§ **The problem**: Would you reproduce exactly the lines below from the one holding "have [[b Bb" through the one holding "Lemma ereal_supD_le (R", inclusive, and no others?

Segment Start: Extracted information

(* Let $\mathcal W_1$ be a discrete memoryless channel from $\mathcal X_1$ to $\mathcal Y_1$ and $\mathcal W_2$ one from $\mathcal X_2$ to $\mathcal Y_2$ (all finite sets), and let $(\mathcal W_1\times\mathcal W_2)(y_1,y_2|x_1,x_2)=\mathcal W_1(y_1|x_1)\mathcal W_2(y_2|x_2)$. Then $U(\mathcal W_1\times\mathcal W_2)=U(\mathcal W_1)+U(\mathcal W_2)$.
   Context: $D(P\|Q)=\sum P\log(P/Q)$ ($0\log(0/q)=0$; $+\infty$ if $P\not\ll Q$). For a channel $\mathcal W$ from $\mathcal X$ to $\mathcal Y$, $U(\mathcal W)=\max_{P_X\in\mathcal P(\mathcal X)}\min_{Q_Y\in\mathcal P(\mathcal Y)}D(P_X\times Q_Y\|P_{XY})$ with $P_{XY}(x,y)=P_X(x)\mathcal W(y|x)$. *)

From HB Require Import structures.
From mathcomp Require Import all_boot all_order all_algebra.
From mathcomp Require Import all_classical all_reals all_analysis.
Set Implicit Arguments. Unset Strict Implicit. Unset Printing Implicit Defensive.
Import Order.TTheory GRing.Theory Num.Theory.
Local Open Scope classical_set_scope.
Local Open Scope ring_scope.

Definition dists (R : realType) (T : finType) : set (T -> R) :=
  [set P | (forall t, 0 <= P t) /\ \sum_(t : T) P t = 1].

(* a discrete memoryless channel: a stochastic matrix W(y|x) = W x y *)
Definition is_channel (R : realType) (X Y : finType) (W : X -> Y -> R) : Prop :=
  (forall x y, 0 <= W x y) /\ (forall x, \sum_(y : Y) W x y = 1).

Definition KL (R : realType) (T : finType) (P Q : T -> R) : \bar R :=
  if `[< exists t, P t != 0 /\ Q t = 0 >] then +oo%E
  else (\sum_(t : T) (if P t == 0 then 0 else P t * ln (P t / Q t)))%:E.

Definition prod_channel (R : realType) (X1 Y1 X2 Y2 : finType)
  (W1 : X1 -> Y1 -> R) (W2 : X2 -> Y2 -> R) : (X1 * X2)%type -> (Y1 * Y2)%type -> R :=
  fun x y => W1 x.1 y.1 * W2 x.2 y.2.

Definition Uch (R : realType) (X Y : finType) (W : X -> Y -> R) : \bar R :=
  ereal_sup ((fun PX : X -> R =>
     ereal_inf ((fun QY : Y -> R =>
        KL (fun xy : (X * Y)%type => PX xy.1 * QY xy.2)
           (fun xy : (X * Y)%type => PX xy.1 * W xy.1 xy.2)) @` @dists R Y)) @` @dists R X).

From HB Require Import structures.
From mathcomp Require Import all_boot all_order all_algebra.
From mathcomp Require Import all_classical all_reals all_analysis.
From mathcomp Require Import ring lra.
Set Implicit Arguments. Unset Strict Implicit. Unset Printing Implicit Defensive.
Import Order.TTheory GRing.Theory Num.Theory.
Local Open Scope classical_set_scope.
Local Open Scope ring_scope.

(* For a fixed input law P, D(P x Q || P W) = D(Q || g_P) where
   g_P(y) = prod_x W(y|x)^P(x) is an unnormalised law on the outputs, so by
   Gibbs' inequality the inner minimum is -ln (sum_y g_P(y)), attained at the
   normalisation of g_P. For the product channel, g_P factorises as the
   product of the g's of the two marginals of P; hence the objective of the
   product channel at P is the sum of the objectives of the factors at the
   marginals (giving <=), and every pair of inputs is the pair of marginals of
   its product law (giving >=). *)

Lemma sum_pair (R : realType) (T1 T2 : finType) (F : T1 * T2 -> R) :
  \sum_(t : T1 * T2) F t = \sum_t1 \sum_t2 F (t1, t2).
Proof. by rewrite pair_bigA; apply: eq_bigr => -[]. Qed.

Lemma psumr_neq0_exists (R : realType) (T : finType) (F : T -> R) :
  (forall t, 0 <= F t) -> (\sum_t F t != 0) = [exists t, F t != 0].
Proof.
move=> F_ge0; rewrite psumr_neq0 //.
apply/hasP/existsP => [[t _ /andP[_ Ft_gt0]]|[t Ft]]; first by exists t; rewrite gt_eqF.
by exists t; rewrite ?mem_index_enum //= lt_def Ft F_ge0.
Qed.

Lemma dists_neq0 (R : realType) (T : finType) (Q : T -> R) :
  dists Q -> exists t, Q t != 0.
Proof.
by move=> [Q_ge0 Q1]; apply/existsP; rewrite -psumr_neq0_exists // Q1 oner_neq0.
Qed.

Lemma sub_le_mul_ln_div (R : realType) (q b : R) :
  0 < q -> 0 < b -> q - b <= q * ln (q / b).
Proof.
move=> q_gt0 b_gt0.
have := expR_ge1Dx (ln (b / q)); rewrite lnK ?posrE ?divr_gt0 //.
move/(ler_wpM2l (ltW q_gt0)); rewrite mulrDr mulr1 mulrCA divff ?gt_eqF // mulr1.
by rewrite -invf_div lnV ?posrE ?divr_gt0 // mulrN; lra.
Qed.

Section Gibbs.
Variables (R : realType) (T : finType) (g : T -> R).
Hypothesis g_ge0 : forall t, 0 <= g t.

Definition minKL : \bar R :=
  if 0 < \sum_t g t then (- ln (\sum_t g t))%:E else +oo%E.

Lemma KL_ge_ln_sum (Q : T -> R) : dists Q -> 0 < \sum_t g t ->
  ((- ln (\sum_t g t))%:E <= KL Q g)%E.
Proof.
move=> [Q_ge0 Q1]; set S := \sum_t g t => S_gt0; rewrite /KL.
case: asboolP => [_|abs_cont]; first exact: leey.
have term_ge t : - Q t * ln S + Q t - g t / S <=
    (if Q t == 0 then 0 else Q t * ln (Q t / g t)).
  case: eqVneq => [->|Qt]; first by have := divr_ge0 (g_ge0 t) (ltW S_gt0); lra.
  have Qt_gt0 : 0 < Q t by rewrite lt_def Qt Q_ge0.
  have gt_gt0 : 0 < g t.
    by rewrite lt_def g_ge0 andbT; apply/eqP => gt0; apply: abs_cont; exists t.
  have := sub_le_mul_ln_div Qt_gt0 (divr_gt0 gt_gt0 S_gt0).
  by rewrite invf_div mulrCA [ln (S * _)]lnM ?posrE ?divr_gt0 // mulrDr; lra.
rewrite lee_fin; apply: le_trans (ler_sum _ (fun t _ => term_ge t)).
rewrite sumrB big_split /= -!big_distrl /= sumrN Q1 -/S mulfV ?gt_eqF //; lra.
Qed.

Lemma KL_normalised : 0 < \sum_t g t ->
  KL (fun t => g t / \sum_t g t) g = (- ln (\sum_t g t))%:E.
Proof.
set S := \sum_t g t => S_gt0; rewrite /KL asboolF; last first.
  by move=> [t [+ gt0]]; rewrite gt0 mul0r eqxx.
congr EFin; rewrite (eq_bigr (fun t => g t / S * - ln S)); last first.
  move=> t _; case: (eqVneq (g t) 0) => [->|gt]; first by rewrite !mul0r eqxx.
  rewrite mulf_eq0 invr_eq0 (negbTE gt) gt_eqF //= [g t / S / g t]mulrAC.
  by rewrite divff // mul1r lnV ?posrE.
by rewrite -!big_distrl /= -/S mulfV ?gt_eqF // mul1r.
Qed.

Lemma KL_sum0 (Q : T -> R) : dists Q -> \sum_t g t = 0 -> KL Q g = +oo%E.
Proof.
move=> Q_dist /(psumr_eq0P (fun t _ => g_ge0 t)) g0.
have [t Qt] := dists_neq0 Q_dist.
by rewrite /KL asboolT //; exists t; split => //; exact: g0.
Qed.

Lemma ereal_inf_KL : ereal_inf ((fun Q => KL Q g) @` @dists R T) = minKL.
Proof.
rewrite /minKL; case: ifPn => [S_gt0|].
  apply/le_anti/andP; split.
    apply: ereal_inf_lbound; exists (fun t => g t / \sum_t g t).
      split; first by move=> t; exact: divr_ge0 (g_ge0 t) (ltW S_gt0).
      by rewrite -big_distrl /= mulfV ?gt_eqF.
    exact: KL_normalised.
  by apply/ereal_infP => _ [Q Q_dist <-]; exact: KL_ge_ln_sum.
rewrite lt_def sumr_ge0 // andbT negbK => /eqP S0.
by apply/ereal_inf_pinfty => _ [Q Q_dist <-]; exact: KL_sum0.
Qed.

End Gibbs.

Lemma minKL_prod (R : realType) (T1 T2 : finType) (g1 : T1 -> R) (g2 : T2 -> R) :
  (forall t, 0 <= g1 t) -> (forall t, 0 <= g2 t) ->
  minKL (fun t : T1 * T2 => g1 t.1 * g2 t.2) = (minKL g1 + minKL g2)%E.
Proof.
move=> g1_ge0 g2_ge0; rewrite /minKL.
have -> : \sum_(t : T1 * T2) g1 t.1 * g2 t.2 = (\sum_t g1 t) * (\sum_t g2 t).
  by rewrite sum_pair big_distrl; apply: eq_bigr => t1 _; rewrite big_distrr.
have S1_ge0 : 0 <= \sum_t g1 t by exact: sumr_ge0.
have S2_ge0 : 0 <= \sum_t g2 t by exact: sumr_ge0.
have [S1_gt0|] := ltP 0 (\sum_t g1 t); last first.
  move=> S1_le0; have -> : \sum_t g1 t = 0 by apply/le_anti/andP.
  by rewrite mul0r ltxx addye //; case: ifP.
have [S2_gt0|] := ltP 0 (\sum_t g2 t); last first.
  move=> S2_le0; have -> : \sum_t g2 t = 0 by apply/le_anti/andP.
  by rewrite mulr0 ltxx addey.
by rewrite mulr_gt0 // lnM ?posrE // opprD EFinD.
Qed.

Section Channel.
Variables (R : realType) (X Y : finType) (W : X -> Y -> R) (P : X -> R).

Definition admissible (y : Y) : bool := [forall x, (P x != 0) ==> (W x y != 0)].

Definition mean_ln (y : Y) : R := \sum_x P x * ln (W x y).

(* The weighted geometric mean prod_x W(x,y)^(P x); it vanishes exactly at the
   outputs that some input of the support of P cannot produce. *)
Definition geomean (y : Y) : R := if admissible y then expR (mean_ln y) else 0.

Lemma geomean_ge0 y : 0 <= geomean y.
Proof. by rewrite /geomean; case: ifP => // _; exact/ltW/expR_gt0. Qed.

Lemma geomean_eq0 y : (geomean y == 0) = ~~ admissible y.
Proof. by rewrite /geomean; case: ifP; rewrite ?eqxx // gt_eqF ?expR_gt0. Qed.

Hypothesis W_ge0 : forall x y, 0 <= W x y.
Hypothesis P_sum1 : \sum_x P x = 1.

Lemma KL_input_product (Q : Y -> R) : (forall y, 0 <= Q y) ->
  KL (fun xy : X * Y => P xy.1 * Q xy.2) (fun xy : X * Y => P xy.1 * W xy.1 xy.2) =
  KL Q geomean.
Proof.
move=> Q_ge0; rewrite /KL.
have -> : `[< exists xy : X * Y, P xy.1 * Q xy.2 != 0 /\ P xy.1 * W xy.1 xy.2 = 0 >] =
          `[< exists y, Q y != 0 /\ geomean y = 0 >].
  apply/asboolP/asboolP => [[[x y] /= []]|[y [Qy /eqP]]].
    rewrite mulf_eq0 negb_or => /andP[Px Qy] /eqP; rewrite mulf_eq0 (negbTE Px) /=.
    move=> Wxy; exists y; split => //; apply/eqP; rewrite geomean_eq0.
    by apply/forallPn; exists x; rewrite Px negbK.
  rewrite geomean_eq0 => /forallPn[x]; rewrite negb_imply negbK => /andP[Px /eqP Wxy].
  by exists (x, y); rewrite /= Wxy mulr0 mulf_neq0.
case: asboolP => // abs_cont; congr EFin.
rewrite sum_pair exchange_big; apply: eq_bigr => y _ /=.
case: (eqVneq (Q y) 0) => [Qy0|Qy].
  by apply: big1 => x _; rewrite Qy0 mulr0 eqxx.
have Qy_gt0 : 0 < Q y by rewrite lt_def Qy Q_ge0.
have adm : admissible y.
  by apply/negPn; rewrite -geomean_eq0; apply/eqP => g0; apply: abs_cont; exists y.
rewrite /geomean adm ln_div ?posrE ?expR_gt0 // expRK.
transitivity (\sum_x (P x * Q y * ln (Q y) - Q y * (P x * ln (W x y)))).
  apply: eq_bigr => x _; case: (eqVneq (P x) 0) => [->|Px].
    by rewrite !mul0r eqxx mulr0 subr0.
  have Wxy_gt0 : 0 < W x y.
    by rewrite lt_def W_ge0 andbT; exact: (implyP (forallP adm x) Px).
  rewrite mulf_eq0 (negbTE Px) (negbTE Qy) invfM mulrACA mulfV // mul1r.
  by rewrite ln_div ?posrE //; ring.
by rewrite sumrB -!big_distrl -big_distrr /= P_sum1 mul1r mulrBr.
Qed.

End Channel.

Lemma UchE (R : realType) (X Y : finType) (W : X -> Y -> R) :
  (forall x y, 0 <= W x y) ->
  Uch W = ereal_sup ((fun P => minKL (geomean W P)) @` @dists R X).
Proof.
move=> W_ge0; rewrite /Uch; congr ereal_sup; apply: eq_imagel => P [_ P_sum1].
rewrite -(ereal_inf_KL (geomean_ge0 W P)); congr ereal_inf.
by apply: eq_imagel => Q [Q_ge0 _]; exact: KL_input_product.
Qed.

Section Marginals.
Variables (R : realType) (T1 T2 : finType).

Definition fst_marginal (P : T1 * T2 -> R) (t1 : T1) : R := \sum_t2 P (t1, t2).
Definition snd_marginal (P : T1 * T2 -> R) (t2 : T2) : R := \sum_t1 P (t1, t2).

Lemma dists_prod (p1 : T1 -> R) (p2 : T2 -> R) :
  dists p1 -> dists p2 -> dists (fun t : T1 * T2 => p1 t.1 * p2 t.2).
Proof.
move=> [p1_ge0 p1_sum1] [p2_ge0 p2_sum1]; split=> [t|]; first exact: mulr_ge0.
rewrite sum_pair -p1_sum1; apply: eq_bigr => t1 _ /=.
by rewrite -big_distrr /= p2_sum1 mulr1.
Qed.

Lemma fst_marginal_prod (p1 : T1 -> R) (p2 : T2 -> R) : dists p2 ->
  fst_marginal (fun t => p1 t.1 * p2 t.2) = p1.
Proof.
move=> [_ p2_sum1]; apply/funext => t1.
by rewrite /fst_marginal /= -big_distrr /= p2_sum1 mulr1.
Qed.

Lemma snd_marginal_prod (p1 : T1 -> R) (p2 : T2 -> R) : dists p1 ->
  snd_marginal (fun t => p1 t.1 * p2 t.2) = p2.
Proof.
move=> [_ p1_sum1]; apply/funext => t2.
by rewrite /snd_marginal /= -big_distrl /= p1_sum1 mul1r.
Qed.

Variable P : T1 * T2 -> R.
Hypothesis P_ge0 : forall t, 0 <= P t.

Lemma fst_marginal_neq0 t1 : (fst_marginal P t1 != 0) = [exists t2, P (t1, t2) != 0].
Proof. exact: psumr_neq0_exists. Qed.

Lemma snd_marginal_neq0 t2 : (snd_marginal P t2 != 0) = [exists t1, P (t1, t2) != 0].
Proof. exact: psumr_neq0_exists. Qed.

Hypothesis P_sum1 : \sum_t P t = 1.

Lemma dists_fst_marginal : dists (fst_marginal P).
Proof. by split=> [t1|]; [exact: sumr_ge0 | rewrite -P_sum1 sum_pair]. Qed.

Lemma dists_snd_marginal : dists (snd_marginal P).
Proof. by split=> [t2|]; [exact: sumr_ge0 | rewrite -P_sum1 sum_pair exchange_big]. Qed.

End Marginals.

Section Product_channel.
Variables (R : realType) (X1 Y1 X2 Y2 : finType).
Variables (W1 : X1 -> Y1 -> R) (W2 : X2 -> Y2 -> R) (P : X1 * X2 -> R).
Hypotheses (W1_ge0 : forall x y, 0 <= W1 x y) (W2_ge0 : forall x y, 0 <= W2 x y).
Hypothesis P_ge0 : forall x, 0 <= P x.

Lemma admissible_prod_channel y1 y2 :
  admissible (prod_channel W1 W2) P (y1, y2) =
  admissible W1 (fst_marginal P) y1 && admissible W2 (snd_marginal P) y2.
Proof.
rewrite /admissible /prod_channel.
apply/forallP/andP => [adm|[/forallP adm1 /forallP adm2] [x1 x2]].
  split; apply/forallP => x; apply/implyP;
    rewrite ?fst_marginal_neq0 ?snd_marginal_neq0 // => /existsP[x' Px];
    by have := implyP (adm (_, _)) Px; rewrite mulf_eq0 negb_or => /andP[].
apply/implyP => Px; rewrite mulf_neq0 //=.
  by apply: (implyP (adm1 x1)); rewrite fst_marginal_neq0 //; apply/existsP; exists x2.
by apply: (implyP (adm2 x2)); rewrite snd_marginal_neq0 //; apply/existsP; exists x1.
Qed.

Lemma mean_ln_prod_channel y1 y2 : admissible (prod_channel W1 W2) P (y1, y2) ->
  mean_ln (prod_channel W1 W2) P (y1, y2) =
  mean_ln W1 (fst_marginal P) y1 + mean_ln W2 (snd_marginal P) y2.
Proof.
move=> adm; rewrite /mean_ln.
rewrite (eq_bigr (fun x => P x * ln (W1 x.1 y1) + P x * ln (W2 x.2 y2))); last first.
  move=> [x1 x2] _; case: (eqVneq (P (x1, x2)) 0) => [->|Px].
    by rewrite !mul0r addr0.
  have := implyP (forallP adm (x1, x2)) Px; rewrite /prod_channel mulf_eq0 negb_or /=.
  case/andP => W1_neq0 W2_neq0.
  by rewrite lnM ?posrE ?lt_def ?W1_neq0 ?W2_neq0 ?W1_ge0 ?W2_ge0 // mulrDr.
rewrite big_split /= !sum_pair [X in _ + X = _]exchange_big /=.
by congr (_ + _); apply: eq_bigr => x _; rewrite big_distrl.
Qed.

Lemma geomean_prod_channel :
  geomean (prod_channel W1 W2) P =
  (fun y => geomean W1 (fst_marginal P) y.1 * geomean W2 (snd_marginal P) y.2).
Proof.
apply/funext => -[y1 y2] /=; rewrite /geomean admissible_prod_channel.
case: (boolP (admissible W1 _ y1)) => adm1; rewrite ?mul0r //=.
case: (boolP (admissible W2 _ y2)) => adm2; rewrite ?mulr0 //.
by rewrite mean_ln_prod_channel ?admissible_prod_channel ?adm1 ?adm2 // expRD.
Qed.

End Product_channel.

Lemma adde_ereal_sup_le (R : realType) (x c : \bar R) (B : set (\bar R)) :
  (forall b, B b -> (x + b <= c)%E) -> (x + ereal_sup B <= c)%E.
Proof.
case: x => [r| |] xB_le; last by rewrite addNye leNye.
  by rewrite -leeBrDl //; apply/ereal_supP => b Bb; rewrite leeBrDl //; exact: xB_le.
have [[b Bb b_neqNy]|B_Ny] := pselect (exists2 b, B b & b != -oo%E).
  by have := xB_le _ Bb; rewrite addye // leye_eq => /eqP ->; exact: leey.
have -> : ereal_sup B = -oo%E.
  by apply/ereal_sup_ninfty => b Bb; apply/eqP; apply: contra_notT B_Ny; exists b.
by rewrite addeNy leNye.
Qed.

Lemma ereal_supD_le (R : realType) (A B : set (\bar R)) (c : \bar R) :
  (forall a b, A a -> B b -> (a + b <= c)%E) -> (ereal_sup A + ereal_sup B <= c)%E.
Proof.
move=> AB_le; apply: adde_ereal_sup_le => b Bb; rewrite addeC.
by apply: adde_ereal_sup_le => a Aa; rewrite addeC; exact: AB_le.
Qed.

Theorem mainTheorem7 (R : realType) (X1 Y1 X2 Y2 : finType)
  (W1 : X1 -> Y1 -> R) (W2 : X2 -> Y2 -> R) :
  is_channel W1 -> is_channel W2 ->
  Uch (prod_channel W1 W2) = (Uch W1 + Uch W2)%E.
Proof.
move=> [W1_ge0 _] [W2_ge0 _].
have W_ge0 x y : 0 <= prod_channel W1 W2 x y by exact: mulr_ge0.
rewrite !UchE //; apply/le_anti/andP; split.
  apply/ereal_supP => _ [P [P_ge0 P_sum1] <-].
  rewrite geomean_prod_channel // (minKL_prod (geomean_ge0 _ _) (geomean_ge0 _ _)).
  by apply: leeD; apply: ereal_sup_ubound; eexists;
    [exact: dists_fst_marginal | by [] | exact: dists_snd_marginal | by []].
apply: ereal_supD_le => _ _ [p1 p1_dist <-] [p2 p2_dist <-].
apply: ereal_sup_ubound; exists (fun x => p1 x.1 * p2 x.2); first exact: dists_prod.
have [p_ge0 _] := dists_prod p1_dist p2_dist.
by rewrite geomean_prod_channel // (minKL_prod (geomean_ge0 _ _) (geomean_ge0 _ _))
  fst_marginal_prod // snd_marginal_prod.
Qed.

Segment End: Extracted information

§ **Expected output**:
have [[b Bb b_neqNy]|B_Ny] := pselect (exists2 b, B b & b != -oo%E).
  by have := xB_le _ Bb; rewrite addye // leye_eq => /eqP ->; exact: leey.
have -> : ereal_sup B = -oo%E.
  by apply/ereal_sup_ninfty => b Bb; apply/eqP; apply: contra_notT B_Ny; exists b.
by rewrite addeNy leNye.
Qed.

Lemma ereal_supD_le (R : realType) (A B : set (\bar R)) (c : \bar R) :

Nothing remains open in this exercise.